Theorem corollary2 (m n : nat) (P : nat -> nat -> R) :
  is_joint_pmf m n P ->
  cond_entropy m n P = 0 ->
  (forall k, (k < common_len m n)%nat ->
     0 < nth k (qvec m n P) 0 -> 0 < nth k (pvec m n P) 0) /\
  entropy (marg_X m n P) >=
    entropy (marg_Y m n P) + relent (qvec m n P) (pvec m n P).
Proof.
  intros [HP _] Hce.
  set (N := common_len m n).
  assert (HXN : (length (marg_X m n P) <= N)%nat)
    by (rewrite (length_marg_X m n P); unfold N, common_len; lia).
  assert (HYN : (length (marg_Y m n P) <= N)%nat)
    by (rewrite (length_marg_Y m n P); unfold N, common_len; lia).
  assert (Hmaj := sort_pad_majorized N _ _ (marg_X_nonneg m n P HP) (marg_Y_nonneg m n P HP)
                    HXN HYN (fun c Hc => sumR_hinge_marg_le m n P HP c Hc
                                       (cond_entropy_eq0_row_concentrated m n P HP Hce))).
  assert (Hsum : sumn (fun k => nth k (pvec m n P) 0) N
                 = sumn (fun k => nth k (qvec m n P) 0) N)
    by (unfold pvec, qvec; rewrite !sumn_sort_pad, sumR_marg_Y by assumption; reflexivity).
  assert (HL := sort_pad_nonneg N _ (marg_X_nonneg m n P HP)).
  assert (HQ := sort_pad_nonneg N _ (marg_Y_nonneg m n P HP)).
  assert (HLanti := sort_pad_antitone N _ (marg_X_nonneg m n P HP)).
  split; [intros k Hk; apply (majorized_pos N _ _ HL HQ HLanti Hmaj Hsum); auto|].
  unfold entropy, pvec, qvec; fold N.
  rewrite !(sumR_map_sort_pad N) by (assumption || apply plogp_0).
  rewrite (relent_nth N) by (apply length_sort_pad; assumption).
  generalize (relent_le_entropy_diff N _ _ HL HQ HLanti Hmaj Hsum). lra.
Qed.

━━━━

▸ WHAT IS REQUIRED
From the first line of the data above to the line holding "assert (Hmaj := sort_pad_majorized", reproduce each line exactly; emit no other lines.

▸ OUTPUT OF THE TASK
Theorem corollary2 (m n : nat) (P : nat -> nat -> R) :
  is_joint_pmf m n P ->
  cond_entropy m n P = 0 ->
  (forall k, (k < common_len m n)%nat ->
     0 < nth k (qvec m n P) 0 -> 0 < nth k (pvec m n P) 0) /\
  entropy (marg_X m n P) >=
    entropy (marg_Y m n P) + relent (qvec m n P) (pvec m n P).
Proof.
  intros [HP _] Hce.
  set (N := common_len m n).
  assert (HXN : (length (marg_X m n P) <= N)%nat)
    by (rewrite (length_marg_X m n P); unfold N, common_len; lia).
  assert (HYN : (length (marg_Y m n P) <= N)%nat)
    by (rewrite (length_marg_Y m n P); unfold N, common_len; lia).
  assert (Hmaj := sort_pad_majorized N _ _ (marg_X_nonneg m n P HP) (marg_Y_nonneg m n P HP)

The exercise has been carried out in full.